Впрочем, вполне возможно, что все эти «natives» [132] глубин приняли спустившегося к ним светозарного гостя за своего сверхогромного сородича, ибо многие из них обладали таким же умением излучать свет. Стоило пассажирам, рассказывал Адриан, выключить прожектор, как им открывалось удивительное зрелище иного рода: на большом пространстве темноту моря, шмыгая и кружась, освещали блуждающие блики самосвечения; этой способностью оказались наделены очень многие рыбы, причем некоторые из них фосфоресцировали всем телом, другие же обладали по меньшей мере одним люминесцентным органом — электрическим фонариком, с помощью которого не только надежно освещали себе путь среди вечной ночи, но также привлекали добычу и призывали к любви. Отдельные крупные особи испускали настолько мощные световые лучи, что даже ослепляли наблюдателей. Трубкообразные, выступающие, стебельчатые глаза служили многим из них, по-видимому, для того, чтобы на очень большом расстоянии замечать опасность или добычу.
Рассказчик сожалел, что никак нельзя было поймать и извлечь на поверхность хотя бы несколько наиболее диковинных масок пучины. Для этого прежде всего потребовалось бы специальное устройство, обеспечивающее их телам при подъеме то чудовищное атмосферное давление, к которому они привыкли и приспособились и которое — страшно подумать — испытывали стенки гондолы. Жители глубин компенсировали его столь же высокой внутренней упругостью тканей и полостей тела, так что неизбежно лопнули бы, если бы давление ослабло.
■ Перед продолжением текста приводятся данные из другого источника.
(* Let $\Gamma=((V,E),m)$ be an EAFC system with $V$ finite, $G=G_\Gamma$ and $S\subseteq V$. Then $QZ_G(G_S)=\bigcap_{s\in S}QZ_G(G_{\{s\}})$; that is, if $g\in G$ satisfies $gSg^{-1}=S$ then $gsg^{-1}=s$ for every $s\in S$. Moreover, for every $g\in N_G(G_S)\setminus G_S$ there exists $g'\in N_G(G_S)$ with $g'G_S=gG_S$ such that $g'$ commutes with every element of $G_S$.
   Context: An Artin–Tits system $\Gamma=((V,E),m)$ consists of a simplicial graph $(V,E)$ and a labelling $m\colon E\to\{2,3,\dots\}$; $G_\Gamma=\langle V \mid \mathrm{prod}(u,v,m(\{u,v\}))=\mathrm{prod}(v,u,m(\{u,v\}))\ \forall \{u,v\}\in E\rangle$, where $\mathrm{prod}(u,v,n)$ is the prefix of length $n$ of $uvuv\cdots$. An EAFC system has all labels even and among any three pairwise adjacent vertices at least two of the three edges have label $2$. For $S\subseteq V$, $G_S=\langle S\rangle$. The normalizer is $N_G(G_S)=\{g\in G\mid gG_Sg^{-1}=G_S\}$ and the quasi-centralizer is $QZ_G(G_S)=\{g\in G\mid gS=Sg\}$ (equality of subsets of $G$). *)

(* Artin–Tits groups are encoded by their
   presentation: elements are words in V^{±1}, and equality in G_Gamma is the
   congruence generated by free cancellation and the Artin relations. *)
From mathcomp Require Import all_boot.
From Stdlib Require Import Relations.
Set Implicit Arguments. Unset Strict Implicit. Unset Printing Implicit Defensive.

Definition AT_system (V : finType) (E : rel V) (m : V -> V -> nat) : Prop :=
  [/\ forall u v, E u v = E v u,
      forall u, ~~ E u u,
      forall u v, E u v -> m u v = m v u
    & forall u v, E u v -> 2 <= m u v].

Definition EAFC_system (V : finType) (E : rel V) (m : V -> V -> nat) : Prop :=
  [/\ AT_system E m,
      forall u v, E u v -> ~~ odd (m u v)
    & forall u v w, E u v -> E v w -> E u w ->
        [|| (m u v == 2) && (m v w == 2),
            (m u v == 2) && (m u w == 2) | (m v w == 2) && (m u w == 2)]].

(* letters: (v, false) = v, (v, true) = v^-1 *)
Definition word (V : finType) := seq (V * bool).

Definition letter (V : finType) (v : V) : word V := [:: (v, false)].

Fixpoint alt_prod (V : finType) (u v : V) (n : nat) : word V :=
  if n is n'.+1 then (u, false) :: alt_prod v u n' else [::].

Inductive at_rel (V : finType) (E : rel V) (m : V -> V -> nat)
  : word V -> word V -> Prop :=
| at_rel_cancel : forall (v : V) (b : bool), at_rel E m [:: (v, b); (v, ~~ b)] [::]
| at_rel_artin : forall u v : V, E u v ->
    at_rel E m (alt_prod u v (m u v)) (alt_prod v u (m u v)).

Definition at_step (V : finType) (E : rel V) (m : V -> V -> nat)
  (w1 w2 : word V) : Prop :=
  exists a b r1 r2, at_rel E m r1 r2 /\ w1 = a ++ r1 ++ b /\ w2 = a ++ r2 ++ b.

Definition at_eq (V : finType) (E : rel V) (m : V -> V -> nat) : relation (word V) :=
  clos_refl_sym_trans (word V) (at_step E m).

Definition wmul (V : finType) (g h : word V) : word V := g ++ h.
Definition winv (V : finType) (g : word V) : word V :=
  rev [seq (x.1, ~~ x.2) | x <- g].

Definition in_parabolic (V : finType) (E : rel V) (m : V -> V -> nat)
  (S : {set V}) (g : word V) : Prop :=
  exists w : word V, all (fun x => x.1 \in S) w /\ at_eq E m g w.

Definition in_normalizer (V : finType) (E : rel V) (m : V -> V -> nat)
  (S : {set V}) (g : word V) : Prop :=
  (forall h, in_parabolic E m S h ->
     in_parabolic E m S (wmul (wmul g h) (winv g))) /\
  (forall h, in_parabolic E m S h ->
     exists h', in_parabolic E m S h' /\
       at_eq E m h (wmul (wmul g h') (winv g))).

Definition in_quasi_centralizer (V : finType) (E : rel V) (m : V -> V -> nat)
  (S : {set V}) (g : word V) : Prop :=
  (forall s, s \in S -> exists t, t \in S /\
     at_eq E m (wmul g (letter s)) (wmul (letter t) g)) /\
  (forall t, t \in S -> exists s, s \in S /\
     at_eq E m (wmul (letter t) g) (wmul g (letter s))).

(* If g normalizes G_S and x in G_S,
     write x = g x' g^-1 with x' in G_S; applying rho gives x = rho(g) x'
     rho(g)^-1, so g' := g rho(g)^-1 satisfies g' x g'^-1 = x.  This g'
     centralizes G_S, normalizes it, and lies in the coset g G_S. *)
From Stdlib Require Import Relations Lia.
From mathcomp Require Import all_boot zify.
Set Implicit Arguments. Unset Strict Implicit. Unset Printing Implicit Defensive.

Section WordGroup.
Variables (V : finType) (E : rel V) (m : V -> V -> nat).
Notation eqw := (at_eq E m).

Lemma eqw_refl w : eqw w w. Proof. exact: rst_refl. Qed.
Lemma eqw_sym w1 w2 : eqw w1 w2 -> eqw w2 w1. Proof. exact: rst_sym. Qed.
Lemma eqw_trans w1 w2 w3 : eqw w1 w2 -> eqw w2 w3 -> eqw w1 w3.
Proof. exact: rst_trans. Qed.

Lemma at_eq_least (R : relation (word V)) :
  equivalence _ R -> (forall w1 w2, at_step E m w1 w2 -> R w1 w2) ->
  forall w1 w2, eqw w1 w2 -> R w1 w2.
Proof.
move=> [Rrefl Rtrans Rsym] Rstep w1 w2.
elim=> [x y /Rstep | x | x y _ /Rsym | x y z _ Rxy _ Ryz] //.
exact: Rtrans Rxy Ryz.
Qed.

Lemma at_eq_map (f : word V -> word V) :
  (forall w1 w2, at_step E m w1 w2 -> eqw (f w1) (f w2)) ->
  forall w1 w2, eqw w1 w2 -> eqw (f w1) (f w2).
Proof.
move=> fstep; apply: at_eq_least => //; split.
- by move=> w; exact: eqw_refl.
- by move=> x y z; exact: eqw_trans.
- by move=> x y; exact: eqw_sym.
Qed.

Lemma eqw_rel r1 r2 : at_rel E m r1 r2 -> eqw r1 r2.
Proof. by move=> H; apply: rst_step; exists [::], [::], r1, r2; rewrite /= !cats0. Qed.

Lemma eqw_cat_l a w1 w2 : eqw w1 w2 -> eqw (a ++ w1) (a ++ w2).
Proof.
move: w1 w2; apply: (at_eq_map (f := cat a)) => _ _ [a' [b [r1 [r2 [H [-> ->]]]]]].
by apply: rst_step; exists (a ++ a'), b, r1, r2; rewrite -!catA.
Qed.

Lemma eqw_cat_r b w1 w2 : eqw w1 w2 -> eqw (w1 ++ b) (w2 ++ b).
Proof.
move: w1 w2; apply: (at_eq_map (f := cat^~ b)) => _ _ [a [b' [r1 [r2 [H [-> ->]]]]]].
by apply: rst_step; exists a, (b' ++ b), r1, r2; rewrite -!catA.
Qed.

Lemma winv_cat (a b : word V) : winv (a ++ b) = winv b ++ winv a.
Proof. by rewrite /winv map_cat rev_cat. Qed.

Lemma winvK (w : word V) : winv (winv w) = w.
Proof.
rewrite /winv map_rev revK -map_comp.
by elim: w => [|[a b] w IH] //=; rewrite IH negbK.
Qed.

Lemma winv_cancel w : eqw (w ++ winv w) [::].
Proof.
elim: w => [|[a b] w IH]; first exact: eqw_refl.
rewrite /winv /= rev_cons -cats1 -/(winv w) -cat_cons catA.
apply: eqw_trans (eqw_cat_r _ (eqw_cat_l [:: (a, b)] IH)) _.
exact/eqw_rel/at_rel_cancel.
Qed.

Lemma winv_cancel' w : eqw (winv w ++ w) [::].
Proof. by have := winv_cancel (winv w); rewrite winvK. Qed.

Lemma conj_moveL h x y : eqw x (h ++ y ++ winv h) -> eqw (winv h ++ x ++ h) y.
Proof.
move=> Hx; apply: eqw_trans (eqw_cat_l _ (eqw_cat_r h Hx)) _.
rewrite -!catA catA; apply: eqw_trans (eqw_cat_r _ (winv_cancel' h)) _.
rewrite /=; apply: eqw_trans (eqw_cat_l _ (winv_cancel' h)) _.
by rewrite cats0; exact: eqw_refl.
Qed.

Lemma conj_fixed_commute h x : eqw (h ++ x ++ winv h) x -> eqw (h ++ x) (x ++ h).
Proof.
move=> Hx; apply: eqw_trans (eqw_cat_r h Hx).
rewrite -!catA; apply: eqw_cat_l; apply: eqw_sym.
apply: eqw_trans (eqw_cat_l x (winv_cancel' h)) _.
by rewrite cats0; exact: eqw_refl.
Qed.

Lemma alt_filter (p : pred (V * bool)) (u v : V) k :
  ~~ (p (u, false) && p (v, false)) ->
  filter p (alt_prod u v k.*2) = filter p (alt_prod v u k.*2).
Proof.
move=> Huv; elim: k => [|k IH] //; rewrite doubleS /= IH.
by case: (p (u, false)) Huv; case: (p (v, false)).
Qed.

Lemma alt_count p (u v : V) k :
  count p (alt_prod u v k.*2) = count p (alt_prod v u k.*2).
Proof. by elim: k => [|k IH] //; rewrite doubleS /= IH; lia. Qed.

Lemma alt_all (p : pred (V * bool)) (u v : V) n :
  p (u, false) -> p (v, false) -> all p (alt_prod u v n).
Proof. by elim: n u v => [|n IH] u v //= Hu Hv; rewrite Hu IH. Qed.

Hypothesis even_labels : forall u v, E u v -> ~~ odd (m u v).

Lemma label_double u v : E u v -> m u v = (m u v)./2.*2.
Proof.
by move=> Huv; rewrite -[in LHS](odd_double_half (m u v)) (negbTE (even_labels Huv)).
Qed.

(* Exponent sum of v, recorded as the pair (#v, #v^-1) up to the relation
   n+ - n- = n+' - n-' (kept in nat to avoid integers). *)
Definition occurrences (v : V) (b : bool) (w : word V) := count (pred1 (v, b)) w.

Definition same_exponent_sum (v : V) (w1 w2 : word V) :=
  occurrences v false w1 + occurrences v true w2 =
  occurrences v false w2 + occurrences v true w1.

Lemma exponent_sum_invariant v w1 w2 : eqw w1 w2 -> same_exponent_sum v w1 w2.
Proof.
move: w1 w2; apply: at_eq_least; first by split; rewrite /same_exponent_sum; red; lia.
move=> _ _ [a [b [r1 [r2 [[x e | u u' Huu'] [-> ->]]]]]];
  rewrite /same_exponent_sum /occurrences !count_cat.
- by rewrite /= !xpair_eqE; case: e => /=; case: (x == v) => /=; lia.
- by rewrite (label_double Huu') !(alt_count _ u).
Qed.

Lemma conj_letter_eq g (s t : V) : eqw (g ++ letter s) (letter t ++ g) -> t = s.
Proof.
move=> /(exponent_sum_invariant s); rewrite /same_exponent_sum /occurrences.
rewrite !count_cat /= eqxx /= !xpair_eqE.
by case: (eqVneq t s) => //= _; lia.
Qed.

Lemma quasi_centralizer_pointwise (S : {set V}) g :
  in_quasi_centralizer E m S g <->
  (forall s, s \in S -> in_quasi_centralizer E m [set s] g).
Proof.
split=> [[gS Sg] s sS | Hpt]; last split.
- have [t [_ Hst]] := gS s sS; have ts := conj_letter_eq Hst; subst t.
  by split=> _ /set1P ->; exists s; rewrite set11 //; split=> //; exact: eqw_sym.
- by move=> s sS; have [_ [/set1P -> Hs]] := (Hpt s sS).1 s (set11 s); exists s.
- by move=> t tS; have [_ [/set1P -> Ht]] := (Hpt t tS).2 t (set11 t); exists t.
Qed.

Variable S : {set V}.

Definition in_S (x : V * bool) := x.1 \in S.

Definition retract (w : word V) : word V := filter in_S w.

Lemma retract_cat a b : retract (a ++ b) = retract a ++ retract b.
Proof. exact: filter_cat. Qed.

Lemma retract_winv w : retract (winv w) = winv (retract w).
Proof. by rewrite /retract /winv filter_rev filter_map. Qed.

Lemma retract_id w : all in_S w -> retract w = w.
Proof. by move/all_filterP. Qed.

(* Erasing preserves the defining relators; evenness makes the Artin
   relation on an edge with one endpoint outside S collapse to a
   tautology. *)
Lemma retract_rel r1 r2 : at_rel E m r1 r2 -> eqw (retract r1) (retract r2).
Proof.
case=> [x b | u v Huv].
- rewrite /retract /in_S /=; case: (x \in S); last exact: eqw_refl.
  exact/eqw_rel/at_rel_cancel.
- have [/andP[uS vS] | Huv'] := boolP (in_S (u, false) && in_S (v, false)).
  + by rewrite !retract_id ?alt_all //; exact/eqw_rel/at_rel_artin.
  + by rewrite /retract (label_double Huv) alt_filter //; exact: eqw_refl.
Qed.

Lemma retract_eqw w1 w2 : eqw w1 w2 -> eqw (retract w1) (retract w2).
Proof.
move: w1 w2; apply: at_eq_map => _ _ [a [b [r1 [r2 [H [-> ->]]]]]].
by rewrite !retract_cat; apply/eqw_cat_l/eqw_cat_r/retract_rel.
Qed.

Lemma retract_parabolic x : in_parabolic E m S x -> eqw x (retract x).
Proof.
case=> w [Sw Hx]; apply: (eqw_trans Hx).
by have := retract_eqw (eqw_sym Hx); rewrite (retract_id Sw).
Qed.

Lemma parabolic_retract_winv w : in_parabolic E m S (winv (retract w)).
Proof.
by exists (winv (retract w)); split; [rewrite /winv all_rev all_map; exact: filter_all
                                    | exact: eqw_refl].
Qed.

Definition correction (g : word V) := g ++ winv (retract g).

(* Conjugation by the correction of a normalizing element is trivial on
   G_S: writing x = g x' g^-1, rho gives x = rho(g) x' rho(g)^-1. *)
Lemma correction_conj_fixed g x :
  in_normalizer E m S g -> in_parabolic E m S x ->
  eqw (correction g ++ x ++ winv (correction g)) x.
Proof.
move=> [_ Ng] Sx; have [x' [Sx' Hx]] := Ng x Sx.
rewrite /wmul -!catA in Hx.
have Hrho : eqw x (retract g ++ x' ++ winv (retract g)).
{ apply: eqw_trans (retract_parabolic Sx) _.
  apply: eqw_trans (retract_eqw Hx) _.
  rewrite !retract_cat retract_winv.
  exact/eqw_cat_l/eqw_cat_r/eqw_sym/retract_parabolic. }
rewrite /correction winv_cat winvK -!catA.
apply: eqw_trans (eqw_sym Hx).
by rewrite !catA; apply: eqw_cat_r; rewrite -!catA; apply/eqw_cat_l/conj_moveL.
Qed.

End WordGroup.

Theorem lemma2p12 (V : finType) (E : rel V) (m : V -> V -> nat) (S : {set V}) :
  EAFC_system E m ->
  (forall g : word V,
     in_quasi_centralizer E m S g <->
     (forall s, s \in S -> in_quasi_centralizer E m [set s] g)) /\
  (forall g : word V,
     in_normalizer E m S g -> ~ in_parabolic E m S g ->
     exists g' : word V,
       in_normalizer E m S g' /\
       in_parabolic E m S (wmul (winv g) g') /\
       (forall h, in_parabolic E m S h -> at_eq E m (wmul g' h) (wmul h g'))).
Proof.
case=> _ even_labels _; split=> [g | g Ng _].
  exact: quasi_centralizer_pointwise.
have fixed := correction_conj_fixed even_labels Ng.
exists (correction S g); split; [split | split].
- move=> x /[dup] Sx [w [Sw Hxw]]; exists w; split=> //.
  by rewrite /wmul -catA; exact: eqw_trans (fixed x Sx) Hxw.
- move=> x Sx; exists x; split=> //.
  by rewrite /wmul -catA; exact/eqw_sym/fixed.
- have [w [Sw Hw]] := parabolic_retract_winv E m S g; exists w; split=> //.
  apply: eqw_trans Hw; rewrite /wmul /correction catA.
  exact: (eqw_cat_r _ (winv_cancel' _ _ g)).
- by move=> x Sx; exact/conj_fixed_commute/fixed.
Qed.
Некоторых из них эта участь постигла, увы, уже при встрече с батисферой, например легкого столкновения с гондолой для одного особенно крупного, телесного цвета и почти благородных форм водяного, примеченного наблюдателями, оказалось достаточно, чтобы разлететься на тысячи кусков…
Вот какие вещи рассказывал Адриан за сигарой, рассказывал так, словно сам там побывал и видел все своими глазами; чуть улыбаясь, он, однако, настолько последовательно придерживался этой шутливой формы, что я поневоле, хоть слушал своего друга со смехом и восхищением, глядел на него несколько изумленно. Отчасти его улыбка выражала, наверно, подтрунивание над каким-то моим внутренним сопротивлением его рассказам, которого он не мог не почувствовать; ведь он отлично знал о моем доходившем до отвращения безразличии к курьезам и тайнам естества, к «природе» вообще, о моей привязанности к сфере словесно-гуманитарной, и это сознание было явно не последней причиной, побудившей его в тот вечер осаждать меня все новыми и новыми сведениями или, как у него получалось, впечатлениями из области чудовищно внечеловеческой, увлекая меня за собой «ринуться в океан миров».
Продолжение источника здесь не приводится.